Still, Tahmina Nizam, SEHP national manager, is positive about the opportunities presented. “We know empty homes won’t solve the housing emergency on their own but bringing them back into use is an environmentally friendly and cost-effective way to meet housing needs, so it’s clear they have a significant role to play,” she said in the body’s recent report.
However, she said “strategic focus and sustained investment is needed if we’re to continue to build on the excellent work that’s already under way”. “Each empty home can change the life of an individual or family, but collectively they have the potential to transform Scotland’s housing landscape,” she went on.
Officers are currently trying to unlock the potential of five more homes in Glasgow through CPOs, with processes under way to get Scottish Government support. They include a tenement flat in Cardonald which has caused water ingress damage to the businesses beneath it, and fire-damaged homes in Dennistoun which have been neglected for around a decade.
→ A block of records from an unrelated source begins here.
Lemma quadratic_mul_linear u v :
  quadratic (fun y => (\sum_j y j * u j) * (\sum_k y k * v k)).
Proof.
exists (fun j k => u j * v k) => y; rewrite mulr_suml; apply: eq_bigr => j _.
by rewrite mulr_sumr; apply: eq_bigr => k _; rewrite mulrACA mulrC.
Qed.

Lemma quadratic_meval (p : {mpoly R[n]}) :
  p \is 2.-homog -> quadratic (fun y => p.@[y]).
Proof.
move=> /dhomogP p2.
change (quadratic (fun y => \sum_(m <- msupp p) p@_m * \prod_i y i ^+ m i)).
apply: quadratic_sum => m /p2 m2 _; apply: quadraticZ.
have {}m2 : mdeg m = 2%N := m2.
have [i mi] : exists i, (0 < m i)%N.
  apply/existsP; apply: contraT; rewrite negb_exists => /forallP m0.
  suff /eqP m_eq0 : m == 0%MM by rewrite m_eq0 mdeg0 in m2.
  by apply/eqP/mnmP => i; move: (m0 i); rewrite mnm0E lt0n negbK => /eqP.
have m_def : m = (U_(i) + (m - U_(i)))%MM.
  apply/mnmP => j; rewrite mnmDE mnmBE mnm1E.
  by case: eqP => [<-|_]; rewrite ?subn0 // subnKC.
have /mdeg1P[k /eqP mk] : mdeg (m - U_(i))%MM == 1%N.
  by move: m2; rewrite {1}m_def mdegD mdeg1 add1n => -[->].
rewrite m_def mk; exists (fun a b => ((a == i) && (b == k))%:R) => y.
have := @commr_mmap1_M n R y U_(i) U_(k) (fun a x => mulrC x (y a)).
rewrite !mmap1U /mmap1 => ->; rewrite /bform.
rewrite (bigD1 i) //= [Z in _ + Z]big1 ?addr0 => [|a ai]; last first.
  by apply: big1 => b _; rewrite (negbTE ai) mul0r.
rewrite (bigD1 k) //= [Z in _ + Z]big1 ?addr0 => [|b bk]; last first.
  by rewrite (negbTE bk) andbF mul0r.
by rewrite !eqxx mul1r.
Qed.

End QuadraticForms.

Lemma quadratic_eq_nat (R : idomainType) n (P1 P2 : ('I_n -> R) -> R) :
  2%:R != 0 :> R -> quadratic P1 -> quadratic P2 ->
  (forall a : 'I_n -> nat, P1 (fun i => (a i)%:R) = P2 (fun i => (a i)%:R)) ->
  P1 =1 P2.
Proof.
move=> two_neq0 [X1 PX1] [X2 PX2] eqP12.
have sym12 j k : X1 j k + X1 k j = X2 j k + X2 k j.
  have e : (fun i => delta R j i + delta R k i) =1 fun i => ((i == j) + (i == k))%N%:R.
    by move=> i; rewrite natrD.
  rewrite -!bform_polar (eq_bform X1 e e) (eq_bform X2 e e) -!PX1 -!PX2.
  by rewrite !eqP12.
move=> y; apply: (mulfI two_neq0); rewrite PX1 PX2 -!bform_symmetrize.
by apply: eq_bigr => j _; apply: eq_bigr => k _; rewrite sym12.
Qed.

Section MPolyMorphisms.
Variables (n : nat) (R S : comNzRingType).

Lemma rmorph_meval (f : {rmorphism R -> S}) (p : {mpoly R[n]}) y :
  f p.@[y] = (map_mpoly f p).@[f \o y].
Proof.
rewrite mevalE rmorph_sum [Z in map_mpoly f Z](mpolyE p).
rewrite (raddf_sum (map_mpoly f)) (raddf_sum (meval _)); apply: eq_bigr => m _.
transitivity ((f p@_m *: 'X_[m]).@[f \o y]); last first.
  by congr meval; rewrite -(map_mpolyX f m); symmetry; exact: map_mpolyZ.
rewrite mevalZ mevalX rmorphM rmorph_prod.
by congr (_ * _); apply: eq_bigr => i _; rewrite rmorphXn.
Qed.

Lemma map_mpoly_id (g : {rmorphism R -> R}) (p : {mpoly R[n]}) :
  (forall m, g p@_m = p@_m) -> map_mpoly g p = p.
Proof. by move=> gp; apply/mpolyP => m; rewrite mcoeff_map_mpoly; exact: gp. Qed.

Lemma map_mpoly_dhomog (f : {rmorphism R -> S}) (p : {mpoly R[n]}) k :
  injective f -> p \is k.-homog -> map_mpoly f p \is k.-homog.
Proof. by move=> inj_f; rewrite !dhomogE (perm_all _ (msupp_map_mpoly p inj_f)). Qed.
(* Consider a multi-layer perceptron with $L$ layers, where layer $\ell\in\{1,\ldots,L\}$ has weight matrix $W^{[\ell]}\in\mathbb{R}^{n^{[\ell]}\times n^{[\ell-1]}}$, bias $\theta^{[\ell]}\in\mathbb{R}^{n^{[\ell]}}$, and computes $y^{[\ell]}=f_\ell(W^{[\ell]}y^{[\ell-1]}+\theta^{[\ell]})$ with $f_\ell$ either the componentwise ReLU $z\mapsto\max(0,z)$ or the identity; $y^{[0]}=v^{[0]}$ is the network input and $g=f_L\circ\cdots$ denotes the resulting input-output map $v^{[0]}\mapsto y^{[L]}$. Let the input set be $\mathcal{V}^{[0]}=\bigcup_{s=1}^{N_0}\{v: H_s^{[0]}v\le b_s^{[0]}\}$. Define recursively $\mathcal{Y}^{[0]}=\mathcal{V}^{[0]}$ and, for $\ell=1,\ldots,L$ with $\mathcal{V}=\mathcal{Y}^{[\ell-1]}$, $W=W^{[\ell]}$, $\theta=\theta^{[\ell]}$, $n=n^{[\ell]}$: (i) if layer $\ell$ is linear, $\mathcal{Y}^{[\ell]}=\{Wv+\theta: v\in\mathcal{V}\}$; (ii) if layer $\ell$ is ReLU, $\mathcal{Y}^{[\ell]}=\bar{\mathcal{Y}}\cup\hat{\mathcal{Y}}\cup\bigcup_{m=1}^{2^n-2}\mathcal{Y}_m$, where $\bar{\mathcal{Y}}=\{0\}$ if $\{v\in\mathcal{V}: Wv+\theta\le 0\}\neq\emptyset$ and $\bar{\mathcal{Y}}=\emptyset$ otherwise; $\hat{\mathcal{Y}}=\{Wv+\theta: v\in\mathcal{V},\ Wv+\theta>0\}$; and $\mathcal{Y}_m=\{Q_m(Wv+\theta): v\in\mathcal{V},\ (I-Q_m)(Wv+\theta)\le0,\ Q_m(Wv+\theta)\ge 0\}$. Then the output reach set of the network satisfies $g(\mathcal{V}^{[0]})=\{g(v):v\in\mathcal{V}^{[0]}\}=\mathcal{Y}^{[L]}$.
   Context: Vector inequalities are componentwise ($>0$ means every component strictly positive). For a layer with $n$ neurons, $q_0,\ldots,q_{2^n-1}$ is an enumeration of $\{0,1\}^n$ with $q_0=(0,\ldots,0)$ and $q_{2^n-1}=(1,\ldots,1)$, and $Q_m=\mathrm{diag}(q_m)$; $I$ is the identity matrix. *)

From HB Require Import structures.
From mathcomp Require Import all_boot all_order all_algebra.
From mathcomp Require Import boolp classical_sets reals.
Set Implicit Arguments. Unset Strict Implicit. Unset Printing Implicit Defensive.
Import Order.TTheory GRing.Theory Num.Theory.
Local Open Scope ring_scope.
Local Open Scope classical_set_scope.

Section MLP.
Variable R : realType.

Definition leV n (u v : 'cV[R]_n) : Prop := forall i, u i 0 <= v i 0.
Definition gtV0 n (u : 'cV[R]_n) : Prop := forall i, 0 < u i 0.

Definition relu n (z : 'cV[R]_n) : 'cV[R]_n := \col_i Num.max 0 (z i 0).

Definition Qmx n (q : {ffun 'I_n -> bool}) : 'M[R]_n := diag_mx (\row_i (q i)%:R).

(* Network description: layer k (k = 0..L-1) is the paper's layer k+1,
   mapping R^(dims k) to R^(dims k.+1); isrelu k says whether f_{k+1} is ReLU
   (otherwise the identity). *)
Variables (dims : nat -> nat)
          (W : forall k, 'M[R]_(dims k.+1, dims k))
          (theta : forall k, 'cV[R]_(dims k.+1))
          (isrelu : nat -> bool).

Definition layer k (y : 'cV[R]_(dims k)) : 'cV[R]_(dims k.+1) :=
  let z := W k *m y + theta k in if isrelu k then relu z else z.

Fixpoint net (k : nat) : 'cV[R]_(dims 0%N) -> 'cV[R]_(dims k) :=
  match k return 'cV[R]_(dims 0%N) -> 'cV[R]_(dims k) with
  | O => fun v => v
  | k'.+1 => fun v => @layer k' (net k' v)
  end.

Definition layer_set k (V : set 'cV[R]_(dims k)) : set 'cV[R]_(dims k.+1) :=
  let aff := fun v => W k *m v + theta k in
  if isrelu k then
    [set y | y = 0 /\ [set v | V v /\ leV (aff v) 0] !=set0]
    `|` [set aff v | v in [set v | V v /\ gtV0 (aff v)]]
    (* union of Y_m over q_m different from (0,...,0) and (1,...,1) *)
    `|` [set y | exists q : {ffun 'I_(dims k.+1) -> bool},
           [/\ q != [ffun=> false], q != [ffun=> true] &
            exists2 v, V v /\
              leV ((1%:M - Qmx q) *m aff v) 0 /\ leV 0 (Qmx q *m aff v)
            & y = Qmx q *m aff v]]
  else [set aff v | v in V].

Fixpoint reach (V0 : set 'cV[R]_(dims 0%N)) (k : nat) {struct k} : set 'cV[R]_(dims k) :=
  match k return set 'cV[R]_(dims k) with
  | O => V0
  | S k' => @layer_set k' (@reach V0 k')
  end.

End MLP.

Arguments reach {R dims} W theta isrelu V0 k.
Arguments layer_set {R dims} W theta isrelu k V.
Arguments net {R dims} W theta isrelu k.

Definition polyunion (R : realType) n (N0 : nat) (p : 'I_N0 -> nat)
  (H : forall s, 'M[R]_(p s, n)) (b : forall s, 'cV[R]_(p s)) : set 'cV[R]_n :=
  [set v | exists s : 'I_N0, leV (H s *m v) (b s)].

From HB Require Import structures.
From mathcomp Require Import all_boot all_order all_algebra.
From mathcomp Require Import boolp classical_sets reals.
Set Implicit Arguments. Unset Strict Implicit. Unset Printing Implicit Defensive.
Import Order.TTheory GRing.Theory Num.Theory.
Local Open Scope ring_scope.
Local Open Scope classical_set_scope.

(* The ReLU acts on z as the diagonal projection Q_q onto the coordinates where
   z is positive, and Q_q z = relu z holds for every pattern q consistent with the
   signs of z, i.e. (I - Q_q) z <= 0 <= Q_q z. Hence the ReLU image of a set splits
   according to the activation pattern: the all-off pattern gives {0}, the all-on
   pattern gives the strictly positive part, and the remaining 2^n - 2 patterns give
   the sets Y_m. Propagating this identity through the layers yields the theorem. *)

Section ActivationPatterns.
Variables (R : realType) (n : nat).
Implicit Types (z : 'cV[R]_n) (q : {ffun 'I_n -> bool}).

Lemma Qmx_mulE q z i : (Qmx R q *m z) i 0 = if q i then z i 0 else 0.
Proof. by rewrite /Qmx mul_diag_mx !mxE; case: (q i); rewrite ?mul1r ?mul0r. Qed.

Lemma Qmx_compl_mulE q z i :
  ((1%:M - Qmx R q) *m z) i 0 = if q i then 0 else z i 0.
Proof.
rewrite mulmxBl mul1mx; move: (Qmx_mulE q z i); rewrite !mxE => ->.
by case: (q i); rewrite ?subrr ?subr0.
Qed.

Lemma Qmx_false : Qmx R [ffun=> false] = 0 :> 'M[R]_n.
Proof. by apply/matrixP => i j; rewrite /Qmx !mxE ffunE mul0rn. Qed.

Lemma Qmx_true : Qmx R [ffun=> true] = 1%:M :> 'M[R]_n.
Proof. by apply/matrixP => i j; rewrite /Qmx !mxE ffunE. Qed.

Definition activation z : {ffun 'I_n -> bool} := [ffun i => 0 < z i 0].

Lemma activation_sign z :
  leV ((1%:M - Qmx R (activation z)) *m z) 0 /\ leV 0 (Qmx R (activation z) *m z).
Proof.
split=> i; rewrite ?Qmx_compl_mulE ?Qmx_mulE !mxE ffunE.
- by case: ltP.
- by case: ltP => // /ltW.
Qed.

Lemma relu_sign_pattern q z :
  leV ((1%:M - Qmx R q) *m z) 0 -> leV 0 (Qmx R q *m z) -> relu z = Qmx R q *m z.
Proof.
move=> le0 ge0; apply/matrixP => i j; rewrite (ord1 j) Qmx_mulE mxE.
move: (le0 i) (ge0 i); rewrite Qmx_compl_mulE Qmx_mulE !mxE.
by case: (q i) => [_ zi_ge0 | zi_le0 _]; [exact: max_r | exact: max_l].
Qed.

Lemma relu_activation z : relu z = Qmx R (activation z) *m z.
Proof. by case: (activation_sign z); apply: relu_sign_pattern. Qed.

Lemma relu_image_patterns (T : Type) (f : T -> 'cV[R]_n) (V : set T) :
  [set relu (f v) | v in V] =
    [set y | y = 0 /\ [set v | V v /\ leV (f v) 0] !=set0]
    `|` [set f v | v in [set v | V v /\ gtV0 (f v)]]
    `|` [set y | exists q : {ffun 'I_n -> bool},
           [/\ q != [ffun=> false], q != [ffun=> true] &
            exists2 v, V v /\ leV ((1%:M - Qmx R q) *m f v) 0 /\ leV 0 (Qmx R q *m f v)
            & y = Qmx R q *m f v]].
Proof.
apply/seteqP; split=> [_ [v Vv <-]|].
  have [le0 ge0] := activation_sign (f v).
  rewrite relu_activation.
  have [off|off] := eqVneq (activation (f v)) [ffun=> false].
    left; left; split; first by rewrite off Qmx_false mul0mx.
    by exists v; split=> // i; move: (le0 i); rewrite off Qmx_false subr0 mul1mx.
  have [on|on] := eqVneq (activation (f v)) [ffun=> true].
    left; right; exists v; last by rewrite on Qmx_true mul1mx.
    split=> // i; move/ffunP/(_ i): on; by rewrite !ffunE => ->.
  by right; exists (activation (f v)); split=> //; exists v.
move=> y [[[-> [v [Vv le0]]]|[v [Vv gt0] <-]]|[q [_ _ [v [Vv [le0 ge0]] ->]]]].
- exists v => //; rewrite (@relu_sign_pattern [ffun=> false]) Qmx_false ?mul0mx //.
  by rewrite subr0 mul1mx.
- exists v => //; rewrite (@relu_sign_pattern [ffun=> true]) Qmx_true ?mul1mx //.
    by rewrite subrr mul0mx.
  by move=> i; rewrite mxE ltW.
- by exists v => //; apply: relu_sign_pattern.
Qed.

End ActivationPatterns.

Section NetworkReach.
Variables (R : realType) (dims : nat -> nat).
Variables (W : forall k, 'M[R]_(dims k.+1, dims k)) (theta : forall k, 'cV[R]_(dims k.+1)).
Variable isrelu : nat -> bool.

Lemma image_layer k (V : set 'cV[R]_(dims k)) :
  layer W theta isrelu (k := k) @` V = layer_set W theta isrelu k V.
Proof.
rewrite /layer /layer_set; case: (isrelu k) => //.
exact: (relu_image_patterns (fun v => W k *m v + theta k)).
Qed.

Lemma image_net (V0 : set 'cV[R]_(dims 0%N)) k :
  net W theta isrelu k @` V0 = reach W theta isrelu V0 k.
Proof.
elim: k => [|k IH] /=; first exact: image_id.
by rewrite -IH -image_layer -image_comp.
Qed.

End NetworkReach.

Theorem proposition1 (R : realType) (L : nat) (dims : nat -> nat)
  (W : forall k, 'M[R]_(dims k.+1, dims k)) (theta : forall k, 'cV[R]_(dims k.+1))
  (isrelu : nat -> bool)
  (N0 : nat) (p : 'I_N0 -> nat)
  (H : forall s, 'M[R]_(p s, dims 0%N)) (b : forall s, 'cV[R]_(p s)) :
  let V0 := polyunion H b in
  (net W theta isrelu L) @` V0 = reach W theta isrelu V0 L.
Proof. exact: image_net. Qed.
Those third-floor properties have become a “blight” on neighbouring homes, the council said, and – subject to approval by ministers – Milnbank Housing Association is ready to take them on for homeless accommodation.
Work on the Lion Chambers isn’t at that level yet. But Kelly and his team believe targeting disused commercial property in the city centre provides yet more potential for transformation. “We’re looking for housing-led solutions”, he says of efforts to address pressures in the city, and the council is working with the Glasgow Building Preservation Trust to chart a way forward.
If it is to happen, it will require patient and detailed graft, not least in tracking down the various owners of the eight-floor premises. A feasibility study is under way. Success will take, Kelly says, “a big chunk of money” to bring the place up to modern standards. “We are working through it,” he says.